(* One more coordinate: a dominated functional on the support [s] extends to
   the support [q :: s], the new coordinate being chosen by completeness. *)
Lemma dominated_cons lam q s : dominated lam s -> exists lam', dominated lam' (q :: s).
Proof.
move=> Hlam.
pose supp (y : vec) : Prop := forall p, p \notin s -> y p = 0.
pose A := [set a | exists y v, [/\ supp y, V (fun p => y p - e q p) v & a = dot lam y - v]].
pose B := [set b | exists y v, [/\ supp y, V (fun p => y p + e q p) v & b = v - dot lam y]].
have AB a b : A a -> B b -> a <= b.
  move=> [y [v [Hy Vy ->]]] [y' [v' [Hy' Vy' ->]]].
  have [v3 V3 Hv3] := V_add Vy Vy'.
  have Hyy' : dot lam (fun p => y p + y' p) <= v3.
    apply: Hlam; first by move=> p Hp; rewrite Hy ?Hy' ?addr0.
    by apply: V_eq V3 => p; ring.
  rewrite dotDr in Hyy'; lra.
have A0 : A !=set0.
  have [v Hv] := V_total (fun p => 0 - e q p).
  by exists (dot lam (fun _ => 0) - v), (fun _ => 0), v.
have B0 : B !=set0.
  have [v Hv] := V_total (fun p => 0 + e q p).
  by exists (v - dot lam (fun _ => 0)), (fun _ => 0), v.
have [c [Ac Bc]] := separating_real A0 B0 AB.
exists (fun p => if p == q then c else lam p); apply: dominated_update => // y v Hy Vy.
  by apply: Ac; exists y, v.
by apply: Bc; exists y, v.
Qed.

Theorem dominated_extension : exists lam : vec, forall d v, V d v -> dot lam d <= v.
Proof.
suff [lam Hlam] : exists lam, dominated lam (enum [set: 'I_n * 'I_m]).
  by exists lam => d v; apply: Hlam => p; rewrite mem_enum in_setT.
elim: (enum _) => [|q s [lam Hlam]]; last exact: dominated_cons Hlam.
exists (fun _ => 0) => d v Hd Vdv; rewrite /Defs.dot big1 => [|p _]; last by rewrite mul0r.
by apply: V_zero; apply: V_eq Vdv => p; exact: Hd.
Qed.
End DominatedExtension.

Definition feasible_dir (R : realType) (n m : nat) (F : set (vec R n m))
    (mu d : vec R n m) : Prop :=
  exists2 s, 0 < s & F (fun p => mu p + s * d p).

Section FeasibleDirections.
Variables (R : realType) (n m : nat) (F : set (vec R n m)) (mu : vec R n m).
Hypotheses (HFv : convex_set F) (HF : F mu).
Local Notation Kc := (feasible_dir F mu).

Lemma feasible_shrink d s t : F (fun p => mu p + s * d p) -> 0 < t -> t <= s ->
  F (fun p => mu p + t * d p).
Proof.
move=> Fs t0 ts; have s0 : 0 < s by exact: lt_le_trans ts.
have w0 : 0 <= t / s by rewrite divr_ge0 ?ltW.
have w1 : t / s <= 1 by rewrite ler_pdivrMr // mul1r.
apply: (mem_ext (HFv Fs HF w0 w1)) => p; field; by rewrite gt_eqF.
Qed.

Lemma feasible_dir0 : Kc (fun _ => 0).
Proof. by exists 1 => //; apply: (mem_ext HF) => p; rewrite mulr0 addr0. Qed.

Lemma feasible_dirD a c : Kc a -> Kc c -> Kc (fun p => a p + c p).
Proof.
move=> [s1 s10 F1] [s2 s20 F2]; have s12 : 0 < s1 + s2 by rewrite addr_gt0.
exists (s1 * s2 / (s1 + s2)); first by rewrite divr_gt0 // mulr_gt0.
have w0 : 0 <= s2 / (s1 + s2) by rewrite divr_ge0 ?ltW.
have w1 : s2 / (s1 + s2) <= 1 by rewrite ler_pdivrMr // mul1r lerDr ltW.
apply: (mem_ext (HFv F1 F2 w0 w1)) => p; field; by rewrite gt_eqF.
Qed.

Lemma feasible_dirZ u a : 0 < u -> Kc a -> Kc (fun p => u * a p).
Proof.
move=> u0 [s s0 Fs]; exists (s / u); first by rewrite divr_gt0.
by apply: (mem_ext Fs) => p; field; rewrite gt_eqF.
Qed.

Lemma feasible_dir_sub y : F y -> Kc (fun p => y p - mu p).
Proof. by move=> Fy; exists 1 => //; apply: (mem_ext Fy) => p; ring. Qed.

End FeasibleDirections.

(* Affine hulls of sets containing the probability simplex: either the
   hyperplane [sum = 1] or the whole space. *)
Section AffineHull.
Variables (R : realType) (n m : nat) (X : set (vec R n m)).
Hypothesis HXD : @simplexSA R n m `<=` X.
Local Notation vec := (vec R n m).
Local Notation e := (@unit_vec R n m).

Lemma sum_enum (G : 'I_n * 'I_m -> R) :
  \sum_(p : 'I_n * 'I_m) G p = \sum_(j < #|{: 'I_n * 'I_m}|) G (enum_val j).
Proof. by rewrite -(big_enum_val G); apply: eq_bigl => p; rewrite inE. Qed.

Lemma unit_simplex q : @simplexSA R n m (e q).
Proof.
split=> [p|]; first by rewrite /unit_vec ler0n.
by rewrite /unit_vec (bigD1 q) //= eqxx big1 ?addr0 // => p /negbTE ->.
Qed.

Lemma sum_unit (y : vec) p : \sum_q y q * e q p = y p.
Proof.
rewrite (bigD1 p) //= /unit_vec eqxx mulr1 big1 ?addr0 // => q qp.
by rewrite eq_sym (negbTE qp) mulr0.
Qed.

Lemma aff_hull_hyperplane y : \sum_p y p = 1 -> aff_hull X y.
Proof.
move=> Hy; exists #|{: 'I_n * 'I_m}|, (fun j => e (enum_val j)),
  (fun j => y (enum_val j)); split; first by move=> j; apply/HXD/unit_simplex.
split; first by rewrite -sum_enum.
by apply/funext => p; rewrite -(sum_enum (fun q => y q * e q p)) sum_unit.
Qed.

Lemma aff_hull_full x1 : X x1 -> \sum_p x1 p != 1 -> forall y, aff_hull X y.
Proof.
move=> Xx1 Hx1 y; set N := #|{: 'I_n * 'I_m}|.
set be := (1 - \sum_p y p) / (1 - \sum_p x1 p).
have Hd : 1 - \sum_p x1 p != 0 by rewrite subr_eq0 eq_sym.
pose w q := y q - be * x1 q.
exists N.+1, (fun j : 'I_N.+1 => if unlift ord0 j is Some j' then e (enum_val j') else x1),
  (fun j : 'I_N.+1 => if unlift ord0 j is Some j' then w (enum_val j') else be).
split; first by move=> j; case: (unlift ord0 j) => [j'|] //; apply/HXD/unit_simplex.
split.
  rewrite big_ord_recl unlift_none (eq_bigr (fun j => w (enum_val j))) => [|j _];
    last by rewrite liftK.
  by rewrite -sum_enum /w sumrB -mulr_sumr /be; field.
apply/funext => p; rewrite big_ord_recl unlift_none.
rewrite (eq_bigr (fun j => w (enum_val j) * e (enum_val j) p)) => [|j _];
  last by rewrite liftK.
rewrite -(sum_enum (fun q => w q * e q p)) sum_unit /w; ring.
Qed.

**EXERCISE AIM:**
Within the listing above, the range opens at the line with "split; first by move=> j; case: (unlift" and closes at the line with "apply/funext => p; rewrite big_ord_recl". Reproduce exactly the lines of that range, including both ends.

**THE ANSWER:**
split; first by move=> j; case: (unlift ord0 j) => [j'|] //; apply/HXD/unit_simplex.
split.
  rewrite big_ord_recl unlift_none (eq_bigr (fun j => w (enum_val j))) => [|j _];
    last by rewrite liftK.
  by rewrite -sum_enum /w sumrB -mulr_sumr /be; field.
apply/funext => p; rewrite big_ord_recl unlift_none.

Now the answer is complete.